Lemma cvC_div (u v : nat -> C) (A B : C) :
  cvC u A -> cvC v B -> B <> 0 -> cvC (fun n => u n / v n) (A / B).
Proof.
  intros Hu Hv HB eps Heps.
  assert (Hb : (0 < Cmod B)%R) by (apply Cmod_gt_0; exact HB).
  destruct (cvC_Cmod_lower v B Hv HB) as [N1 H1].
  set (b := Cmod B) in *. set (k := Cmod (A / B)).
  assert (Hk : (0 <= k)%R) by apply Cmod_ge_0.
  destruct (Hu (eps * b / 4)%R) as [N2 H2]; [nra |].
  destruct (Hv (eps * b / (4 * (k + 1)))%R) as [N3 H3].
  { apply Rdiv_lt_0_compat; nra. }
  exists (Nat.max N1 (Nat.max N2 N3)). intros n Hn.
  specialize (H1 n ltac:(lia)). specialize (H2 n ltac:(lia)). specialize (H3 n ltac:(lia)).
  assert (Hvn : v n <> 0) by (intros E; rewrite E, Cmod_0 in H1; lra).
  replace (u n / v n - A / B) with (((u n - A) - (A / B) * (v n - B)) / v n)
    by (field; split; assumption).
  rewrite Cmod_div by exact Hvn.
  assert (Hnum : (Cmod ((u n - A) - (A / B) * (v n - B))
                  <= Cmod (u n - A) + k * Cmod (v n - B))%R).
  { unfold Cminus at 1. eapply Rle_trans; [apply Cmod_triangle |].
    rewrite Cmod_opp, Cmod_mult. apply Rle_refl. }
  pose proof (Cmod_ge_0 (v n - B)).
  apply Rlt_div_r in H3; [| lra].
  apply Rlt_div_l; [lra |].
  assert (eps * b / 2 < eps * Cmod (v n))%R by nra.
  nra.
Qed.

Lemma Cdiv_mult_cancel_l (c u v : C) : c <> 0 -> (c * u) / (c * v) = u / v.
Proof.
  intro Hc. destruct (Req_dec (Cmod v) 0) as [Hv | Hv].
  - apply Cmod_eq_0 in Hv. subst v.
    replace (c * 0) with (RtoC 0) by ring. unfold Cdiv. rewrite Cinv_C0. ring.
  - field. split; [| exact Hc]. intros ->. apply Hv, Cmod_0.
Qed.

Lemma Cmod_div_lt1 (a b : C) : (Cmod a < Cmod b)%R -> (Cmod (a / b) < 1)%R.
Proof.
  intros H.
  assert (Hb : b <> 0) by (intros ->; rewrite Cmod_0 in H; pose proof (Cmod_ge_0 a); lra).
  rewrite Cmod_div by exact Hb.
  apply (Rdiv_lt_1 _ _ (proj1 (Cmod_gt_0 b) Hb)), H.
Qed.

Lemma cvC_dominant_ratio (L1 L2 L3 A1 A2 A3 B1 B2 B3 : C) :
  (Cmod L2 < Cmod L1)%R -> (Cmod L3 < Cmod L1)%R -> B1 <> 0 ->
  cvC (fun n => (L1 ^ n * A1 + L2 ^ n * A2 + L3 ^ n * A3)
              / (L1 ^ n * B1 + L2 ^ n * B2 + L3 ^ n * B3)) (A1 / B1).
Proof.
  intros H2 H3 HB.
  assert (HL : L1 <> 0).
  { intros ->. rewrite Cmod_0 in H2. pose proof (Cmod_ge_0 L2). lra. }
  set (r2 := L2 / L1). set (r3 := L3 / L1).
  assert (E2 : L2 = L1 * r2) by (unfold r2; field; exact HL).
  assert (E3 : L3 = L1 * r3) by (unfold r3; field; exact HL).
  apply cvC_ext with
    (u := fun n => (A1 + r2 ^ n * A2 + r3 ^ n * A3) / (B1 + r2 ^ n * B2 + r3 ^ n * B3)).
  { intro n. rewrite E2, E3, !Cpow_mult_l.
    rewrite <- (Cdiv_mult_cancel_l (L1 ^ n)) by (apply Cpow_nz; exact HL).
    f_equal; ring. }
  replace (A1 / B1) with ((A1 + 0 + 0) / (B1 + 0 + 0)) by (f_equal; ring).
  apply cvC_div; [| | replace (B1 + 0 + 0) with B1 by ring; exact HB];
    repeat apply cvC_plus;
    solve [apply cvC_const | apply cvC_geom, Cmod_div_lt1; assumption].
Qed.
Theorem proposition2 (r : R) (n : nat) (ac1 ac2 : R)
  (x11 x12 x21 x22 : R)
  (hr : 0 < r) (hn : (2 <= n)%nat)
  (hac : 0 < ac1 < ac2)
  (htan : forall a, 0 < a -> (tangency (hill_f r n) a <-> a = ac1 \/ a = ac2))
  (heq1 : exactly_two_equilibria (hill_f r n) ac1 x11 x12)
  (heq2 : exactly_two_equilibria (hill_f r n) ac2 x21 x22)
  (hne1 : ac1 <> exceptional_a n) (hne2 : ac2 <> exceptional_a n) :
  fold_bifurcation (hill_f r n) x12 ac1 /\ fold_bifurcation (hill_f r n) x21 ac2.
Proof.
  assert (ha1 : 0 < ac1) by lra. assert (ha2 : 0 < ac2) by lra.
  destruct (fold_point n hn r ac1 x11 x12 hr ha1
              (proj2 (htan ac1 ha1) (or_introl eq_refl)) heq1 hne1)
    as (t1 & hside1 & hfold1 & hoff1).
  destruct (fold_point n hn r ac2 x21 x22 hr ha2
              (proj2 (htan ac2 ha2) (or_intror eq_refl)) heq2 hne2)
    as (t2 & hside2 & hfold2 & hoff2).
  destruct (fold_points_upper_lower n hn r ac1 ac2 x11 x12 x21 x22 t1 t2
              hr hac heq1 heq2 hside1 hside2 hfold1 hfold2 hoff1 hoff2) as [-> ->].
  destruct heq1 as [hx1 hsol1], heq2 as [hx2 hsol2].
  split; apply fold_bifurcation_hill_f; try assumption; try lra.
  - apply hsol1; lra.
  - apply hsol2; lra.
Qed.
---
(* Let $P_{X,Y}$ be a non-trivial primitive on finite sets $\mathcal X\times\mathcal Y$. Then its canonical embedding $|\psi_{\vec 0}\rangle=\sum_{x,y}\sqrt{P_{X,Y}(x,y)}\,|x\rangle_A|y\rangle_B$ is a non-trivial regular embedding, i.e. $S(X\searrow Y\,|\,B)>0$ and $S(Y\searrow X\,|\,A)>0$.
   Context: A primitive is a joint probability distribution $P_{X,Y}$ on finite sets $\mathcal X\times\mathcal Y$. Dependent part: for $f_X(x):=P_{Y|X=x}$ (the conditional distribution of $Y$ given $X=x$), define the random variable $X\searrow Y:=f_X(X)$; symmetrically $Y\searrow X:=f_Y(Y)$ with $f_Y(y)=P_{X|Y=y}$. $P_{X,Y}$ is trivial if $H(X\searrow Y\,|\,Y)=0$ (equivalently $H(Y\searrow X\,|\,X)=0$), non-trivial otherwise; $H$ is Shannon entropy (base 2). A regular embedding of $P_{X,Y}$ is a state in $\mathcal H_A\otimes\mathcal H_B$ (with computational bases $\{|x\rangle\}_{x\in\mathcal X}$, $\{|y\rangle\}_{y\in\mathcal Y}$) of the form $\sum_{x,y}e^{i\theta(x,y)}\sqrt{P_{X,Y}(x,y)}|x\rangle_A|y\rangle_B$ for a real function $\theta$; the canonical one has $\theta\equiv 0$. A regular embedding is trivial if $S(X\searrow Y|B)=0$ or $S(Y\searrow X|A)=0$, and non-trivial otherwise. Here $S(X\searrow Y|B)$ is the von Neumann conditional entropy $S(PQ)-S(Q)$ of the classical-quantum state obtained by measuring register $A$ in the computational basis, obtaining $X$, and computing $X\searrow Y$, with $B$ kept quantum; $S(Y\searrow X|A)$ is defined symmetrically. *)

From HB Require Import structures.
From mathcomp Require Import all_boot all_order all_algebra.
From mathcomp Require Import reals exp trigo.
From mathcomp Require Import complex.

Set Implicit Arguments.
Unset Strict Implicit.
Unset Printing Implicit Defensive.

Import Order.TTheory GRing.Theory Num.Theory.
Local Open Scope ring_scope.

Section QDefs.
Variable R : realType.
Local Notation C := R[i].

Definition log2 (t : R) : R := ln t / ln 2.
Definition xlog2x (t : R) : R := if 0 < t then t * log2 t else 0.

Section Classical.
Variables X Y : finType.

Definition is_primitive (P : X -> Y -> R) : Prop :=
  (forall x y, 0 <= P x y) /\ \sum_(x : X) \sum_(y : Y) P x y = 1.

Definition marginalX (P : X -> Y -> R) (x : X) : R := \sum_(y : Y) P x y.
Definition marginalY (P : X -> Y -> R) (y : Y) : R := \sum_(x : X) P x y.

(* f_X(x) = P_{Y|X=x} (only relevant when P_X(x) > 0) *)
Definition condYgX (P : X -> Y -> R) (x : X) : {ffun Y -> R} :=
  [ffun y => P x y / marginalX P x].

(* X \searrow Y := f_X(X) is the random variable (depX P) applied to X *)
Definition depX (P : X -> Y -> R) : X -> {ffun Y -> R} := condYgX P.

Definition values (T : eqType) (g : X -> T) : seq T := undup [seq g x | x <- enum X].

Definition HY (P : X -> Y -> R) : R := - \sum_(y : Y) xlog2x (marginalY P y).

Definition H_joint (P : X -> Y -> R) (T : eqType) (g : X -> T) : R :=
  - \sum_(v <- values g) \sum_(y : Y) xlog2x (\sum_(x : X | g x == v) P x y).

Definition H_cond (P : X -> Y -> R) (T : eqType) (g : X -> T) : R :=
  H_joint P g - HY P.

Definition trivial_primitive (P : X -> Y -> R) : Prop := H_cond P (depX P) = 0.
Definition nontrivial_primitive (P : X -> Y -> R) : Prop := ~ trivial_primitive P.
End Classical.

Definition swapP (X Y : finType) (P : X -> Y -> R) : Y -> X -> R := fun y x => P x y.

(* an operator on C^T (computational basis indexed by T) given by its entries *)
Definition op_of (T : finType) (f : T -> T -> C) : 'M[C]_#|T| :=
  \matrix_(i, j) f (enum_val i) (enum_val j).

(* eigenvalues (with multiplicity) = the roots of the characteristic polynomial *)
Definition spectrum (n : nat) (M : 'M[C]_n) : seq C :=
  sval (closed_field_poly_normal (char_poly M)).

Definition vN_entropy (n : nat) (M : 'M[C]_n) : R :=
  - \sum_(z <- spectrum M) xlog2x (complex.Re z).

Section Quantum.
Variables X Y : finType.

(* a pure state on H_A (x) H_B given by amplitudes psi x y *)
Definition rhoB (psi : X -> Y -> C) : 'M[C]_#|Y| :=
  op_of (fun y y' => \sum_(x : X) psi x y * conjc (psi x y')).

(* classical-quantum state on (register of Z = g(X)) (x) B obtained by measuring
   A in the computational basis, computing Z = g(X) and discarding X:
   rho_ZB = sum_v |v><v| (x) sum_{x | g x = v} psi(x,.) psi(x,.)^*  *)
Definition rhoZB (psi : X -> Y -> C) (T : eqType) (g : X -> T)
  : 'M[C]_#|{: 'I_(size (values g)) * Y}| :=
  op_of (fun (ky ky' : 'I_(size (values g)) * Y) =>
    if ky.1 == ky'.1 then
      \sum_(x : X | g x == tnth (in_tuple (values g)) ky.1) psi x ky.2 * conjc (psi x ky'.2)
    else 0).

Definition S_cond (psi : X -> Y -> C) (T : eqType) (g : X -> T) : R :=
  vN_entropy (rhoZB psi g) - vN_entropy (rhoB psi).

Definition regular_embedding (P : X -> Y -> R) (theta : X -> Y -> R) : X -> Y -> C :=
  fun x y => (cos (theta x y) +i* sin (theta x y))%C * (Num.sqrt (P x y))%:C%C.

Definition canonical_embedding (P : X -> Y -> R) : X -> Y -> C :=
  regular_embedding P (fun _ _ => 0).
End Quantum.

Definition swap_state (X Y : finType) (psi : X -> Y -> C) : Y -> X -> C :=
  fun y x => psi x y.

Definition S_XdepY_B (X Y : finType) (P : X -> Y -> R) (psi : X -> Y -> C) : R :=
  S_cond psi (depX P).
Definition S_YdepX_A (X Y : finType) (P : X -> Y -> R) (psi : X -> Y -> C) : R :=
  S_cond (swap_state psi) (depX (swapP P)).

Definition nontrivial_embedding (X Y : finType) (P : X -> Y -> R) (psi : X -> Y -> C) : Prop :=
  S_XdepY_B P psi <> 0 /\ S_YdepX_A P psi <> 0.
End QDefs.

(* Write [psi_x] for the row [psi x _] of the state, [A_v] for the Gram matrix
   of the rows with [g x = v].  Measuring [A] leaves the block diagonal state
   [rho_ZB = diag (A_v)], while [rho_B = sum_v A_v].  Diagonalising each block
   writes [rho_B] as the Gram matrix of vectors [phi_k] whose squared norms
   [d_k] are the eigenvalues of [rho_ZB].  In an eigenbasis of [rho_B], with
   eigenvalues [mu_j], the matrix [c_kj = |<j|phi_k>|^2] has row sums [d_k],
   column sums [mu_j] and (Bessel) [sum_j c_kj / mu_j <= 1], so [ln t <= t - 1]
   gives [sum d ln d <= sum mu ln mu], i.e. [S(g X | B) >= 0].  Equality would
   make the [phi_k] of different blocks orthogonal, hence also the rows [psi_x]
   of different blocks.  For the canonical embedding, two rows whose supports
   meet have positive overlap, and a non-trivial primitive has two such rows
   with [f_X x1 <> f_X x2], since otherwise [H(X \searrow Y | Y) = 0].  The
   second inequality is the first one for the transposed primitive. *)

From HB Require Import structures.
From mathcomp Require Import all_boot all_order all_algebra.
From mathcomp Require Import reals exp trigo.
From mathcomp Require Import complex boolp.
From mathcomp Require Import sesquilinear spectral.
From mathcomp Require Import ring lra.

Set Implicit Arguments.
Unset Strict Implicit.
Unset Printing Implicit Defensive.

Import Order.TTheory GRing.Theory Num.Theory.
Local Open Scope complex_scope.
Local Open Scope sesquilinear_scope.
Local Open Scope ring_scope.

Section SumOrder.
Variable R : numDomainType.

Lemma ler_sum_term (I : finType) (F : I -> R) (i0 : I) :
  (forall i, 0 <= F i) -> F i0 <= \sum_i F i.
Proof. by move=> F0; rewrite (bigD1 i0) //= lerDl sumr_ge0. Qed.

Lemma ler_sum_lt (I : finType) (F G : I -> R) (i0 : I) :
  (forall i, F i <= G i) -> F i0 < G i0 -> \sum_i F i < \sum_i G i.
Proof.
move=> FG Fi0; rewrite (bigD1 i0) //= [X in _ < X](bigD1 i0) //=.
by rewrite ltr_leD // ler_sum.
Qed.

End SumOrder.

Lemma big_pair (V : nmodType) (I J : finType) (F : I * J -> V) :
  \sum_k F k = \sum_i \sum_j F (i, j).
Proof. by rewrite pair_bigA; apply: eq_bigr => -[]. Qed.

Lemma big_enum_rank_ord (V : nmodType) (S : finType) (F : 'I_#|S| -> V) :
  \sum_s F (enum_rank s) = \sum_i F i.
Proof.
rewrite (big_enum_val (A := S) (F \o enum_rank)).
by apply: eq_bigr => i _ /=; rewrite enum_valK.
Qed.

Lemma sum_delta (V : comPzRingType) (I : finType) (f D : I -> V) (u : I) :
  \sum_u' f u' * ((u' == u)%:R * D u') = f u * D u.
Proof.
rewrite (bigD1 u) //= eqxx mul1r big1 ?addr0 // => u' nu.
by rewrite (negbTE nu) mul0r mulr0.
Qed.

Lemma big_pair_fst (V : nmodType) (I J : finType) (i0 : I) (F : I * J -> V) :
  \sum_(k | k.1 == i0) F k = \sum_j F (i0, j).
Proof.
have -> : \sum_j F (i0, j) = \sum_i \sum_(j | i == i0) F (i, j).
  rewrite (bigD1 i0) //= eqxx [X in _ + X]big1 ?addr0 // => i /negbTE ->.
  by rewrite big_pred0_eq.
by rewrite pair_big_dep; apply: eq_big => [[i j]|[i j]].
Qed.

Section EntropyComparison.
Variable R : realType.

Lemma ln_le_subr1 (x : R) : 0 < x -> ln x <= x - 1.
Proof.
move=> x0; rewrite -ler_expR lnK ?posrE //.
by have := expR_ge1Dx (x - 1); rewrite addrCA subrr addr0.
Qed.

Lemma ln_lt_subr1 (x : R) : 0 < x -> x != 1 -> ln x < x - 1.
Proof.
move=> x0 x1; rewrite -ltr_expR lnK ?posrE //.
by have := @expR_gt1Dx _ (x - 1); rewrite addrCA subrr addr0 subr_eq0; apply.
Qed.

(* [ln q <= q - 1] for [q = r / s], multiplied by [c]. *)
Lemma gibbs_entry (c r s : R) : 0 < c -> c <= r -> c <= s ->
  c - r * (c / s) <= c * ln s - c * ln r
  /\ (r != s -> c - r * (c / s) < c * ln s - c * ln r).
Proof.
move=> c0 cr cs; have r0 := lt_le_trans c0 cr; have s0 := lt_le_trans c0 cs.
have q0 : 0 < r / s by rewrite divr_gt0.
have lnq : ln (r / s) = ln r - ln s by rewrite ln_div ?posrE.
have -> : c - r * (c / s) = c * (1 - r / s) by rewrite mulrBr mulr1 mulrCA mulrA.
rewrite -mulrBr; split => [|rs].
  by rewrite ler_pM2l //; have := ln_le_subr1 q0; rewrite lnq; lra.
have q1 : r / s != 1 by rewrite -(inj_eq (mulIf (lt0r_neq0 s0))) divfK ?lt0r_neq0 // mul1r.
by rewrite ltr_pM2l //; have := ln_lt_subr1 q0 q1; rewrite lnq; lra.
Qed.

## Your task
What lines of the listing above hold "forall"? Copy all of them.

## Exercise solution
  (htan : forall a, 0 < a -> (tangency (hill_f r n) a <-> a = ac1 \/ a = ac2))
  (forall x y, 0 <= P x y) /\ \sum_(x : X) \sum_(y : Y) P x y = 1.
  (forall i, 0 <= F i) -> F i0 <= \sum_i F i.
  (forall i, F i <= G i) -> F i0 < G i0 -> \sum_i F i < \sum_i G i.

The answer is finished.